When discussing the April theses of V. I. Lenin in such party organizations of the country as Petrograd, Moscow, Kharkov, Lugansk, Yekaterinoslav, Rostov, Kyiv, Yekaterinburg, Samara, Saratov, Yekaterinodar, Ivanovo-Voznesensk, Kazan and many others even before VII ( The April) All-Russian Conference of the RSDLP (b) put an end to the unification sentiments that manifested themselves among individual compromising Bolsheviks.

But, in spite of this, it still took a considerable amount of time to finally sever the organizational ties with the Mensheviks that had been preserved in the localities in the united organizations, to formalize and strengthen independent Bolshevik organizations everywhere.

* * *

In the context of the unfolding struggle of the Bolshevik Party for the ideological and organizational strengthening of its ranks, in the conditions of the rapid growth of the Party and its primary organizations, the VII (April) All-Russian Conference of the Bolshevik Party opened.

The April Conference of the Bolsheviks completed the elaboration and adoption of the Party's new orientation at the new stage of the struggle and set a course for the preparation of the socialist revolution. It gave clear answers to all fundamental questions of the revolution and put forward the slogan of struggle for the transfer of all state power into the hands of the Soviets.
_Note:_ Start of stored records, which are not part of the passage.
Lemma limiting_subdiff_qfun_entry x y v i :
  limiting_subdiff q (row_mx x y) v ->
  [/\ v 0 (rshift n i) = `|x 0 i|,
      x 0 i != 0 -> v 0 (lshift n i) = Num.sg (x 0 i) * y 0 i &
      `|v 0 (lshift n i)| <= `|y 0 i| ].
Proof.
case=> zk [vk [zk_cvg [vk_cvg [zkE vkN]]]].
have := continuous_cvg eventually_filter (@continuous_lsubmx R 1 _ 1 _) zk_cvg.
rewrite row_mxKl => W_cvg.
have := continuous_cvg eventually_filter (@continuous_lsubmx R 1 _ 1 _) vk_cvg.
rewrite row_mxKl => g_cvg.
have := continuous_cvg eventually_filter (@continuous_rsubmx R 1 _ 1 _) vk_cvg.
move=> /(cvg_entry (j := 0)); rewrite row_mxKr mxE => rho_cvg.
have /(cvg_entry (j := lshift n i)) := W_cvg; rewrite row_mxEl => X_cvg.
have /(cvg_entry (j := rshift n i)) := W_cvg; rewrite row_mxEr => Y_cvg.
have /(cvg_entry (j := lshift n i)) gl_cvg := g_cvg.
have /(cvg_entry (j := rshift n i)) gr_cvg := g_cvg.
have entry k := frechet_normal_qfun_entry i (zkE k) (vkN k).
split.
- have := cvg_near_eq_lim gr_cvg (cvgM (cvgN rho_cvg) (cvg_norm X_cvg)).
  rewrite opprK mul1r; apply; apply: nearW => k.
  by case: (entry k).
- move=> x_neq0.
  have := cvg_near_eq_lim gl_cvg (cvgM (cvgN rho_cvg) (cvgMl_tmp (a := Num.sg (x 0 i)) Y_cvg)).
  rewrite opprK mul1r; apply; apply: filterS (near_sgr_cvg X_cvg x_neq0) => k sgE.
  have Xk_neq0 : lsubmx (zk k) 0 (lshift n i) != 0 by rewrite -sgr_eq0 sgE sgr_eq0.
  by case: (entry k) => _ -> //; rewrite sgE.
- have := ler_cvg_to (cvg_norm gl_cvg) (cvgM (cvg_norm rho_cvg) (cvg_norm Y_cvg)).
  rewrite normrN normr1 mul1r; apply; apply: nearW => k.
  by case: (entry k).
Qed.

Lemma limiting_subdiff_qfun_sub x y v :
  (forall i, 0 <= y 0 i) -> limiting_subdiff q (row_mx x y) v ->
  exists2 s : 'rV[R]_n,
    forall i, s 0 i * x 0 i = `|x 0 i| /\ `|s 0 i| <= 1 &
    v = row_mx (\row_i (y 0 i * s 0 i)) (\row_i `|x 0 i|).
Proof.
move=> y_ge0 vD; have vE i := limiting_subdiff_qfun_entry i vD.
(* When x_i = y_i = 0, also v_i = 0 and the junk value v_i / 0 = 0 is a valid s_i. *)
exists (\row_i if x 0 i == 0 then v 0 (lshift n i) / y 0 i else Num.sg (x 0 i)).
  move=> i; rewrite mxE; have [x0|x_neq0] := eqVneq (x 0 i) 0; last first.
    by rewrite -normrEsg normr_sg x_neq0.
  rewrite x0 mulr0 normr0; split=> //.
  have [_ _] := vE i; rewrite normrM normfV (ger0_norm (y_ge0 i)) => vl_le.
  have [->|y_neq0] := eqVneq (y 0 i) 0; first by rewrite invr0 mulr0 ler01.
  by rewrite ler_pdivrMr ?mul1r // lt0r y_neq0 y_ge0.
rewrite -[LHS]hsubmxK; congr row_mx; apply/rowP => i; rewrite !mxE;
  have [vr vsg vl_le] := vE i; last exact: vr.
have [x0|x_neq0] := eqVneq (x 0 i) 0; last by rewrite vsg // mulrC.
have [y0|y_neq0] := eqVneq (y 0 i) 0; last by rewrite mulrC divfK.
by move: vl_le; rewrite y0 normr0 normr_le0 mul0r => /eqP.
Qed.

End Qfun.

Theorem mainTheorem1 (R : realType) (n : nat) (x y : 'rV[R]_n)
  (hy : forall i, 0 <= y 0 i) (v : 'rV[R]_(n + n)) :
  limiting_subdiff (@qfun R n) (row_mx x y) v <->
  exists s : 'rV[R]_n,
    (forall i, (0 < x 0 i -> s 0 i = 1) /\
               (x 0 i = 0 -> -1 <= s 0 i <= 1) /\
               (x 0 i < 0 -> s 0 i = -1)) /\
    v = row_mx (\row_i (y 0 i * s 0 i)) (\row_i `|x 0 i|).
Proof.
split=> [/(limiting_subdiff_qfun_sub hy) [s hs ->] | [s [hs ->]]].
  by exists s; split=> // i; apply/abs_subgradient_iff.
by apply: qfun_limiting_subdiff => // i; apply/abs_subgradient_iff.
Qed.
During the discussion at the conference of the report on the situation in the International, a resolution was adopted that determined the attitude of the Bolsheviks towards the chauvinists, centrists and wavering elements in the Second International and confirmed the impossibility of uniting with parties and groups that stood on the positions of "revolutionary defencism". Along with this, the conference, contrary to the point of view of Lenin, who proposed to remain in the Zimmirwald association only for informational purposes and considered that this association could not serve as the basis for the formation of the Third International, adopted the clearly erroneous point of the resolution advocated by Zinoviev that our party remains in Zimmerwald bloc, setting itself the task of defending the tactics of the Zimmerwald Left there. The Conference instructed the Central Committee to begin immediately the implementation of measures to found the Third International.

The April conference adopted a resolution "On uniting the internationalists against the petty-bourgeois defencist bloom." In this resolution, the conference noted that the Socialist-Revolutionary and Menshevik parties had gone over to the positions of "revolutionary defencism", that is, they supported the imperialist war, voted for a loan and support for the Provisional Government, that these parties pursued the interests and point of view of the petty bourgeoisie in their entire policy and corrupted the proletariat with bourgeois ideas that it was possible to change the policy of the bourgeoisie by means of agreement on it, "control" of the Provisional Government, entry into the ministry, etc. to the further development of the revolution, created the possibility of its defeat by the forces of counter-revolution. Based on this, the conference decided:

“1) recognize unification with the parties and groups pursuing” this policy as certainly impossible;

2) recognize rapprochement and unification with groups and trends that actually stand on the basis of internationalism as necessary on the basis of a break with the policy of petty-bourgeois betrayal of socialism” 29 .

These decisions of the April Conference outlined a clear and precise platform for rallying the internationalist elements in the working-class movement, gave direction and indicated methods for strengthening the Bolshevik Party under the specific conditions of the struggle for the preparation of the proletarian revolution.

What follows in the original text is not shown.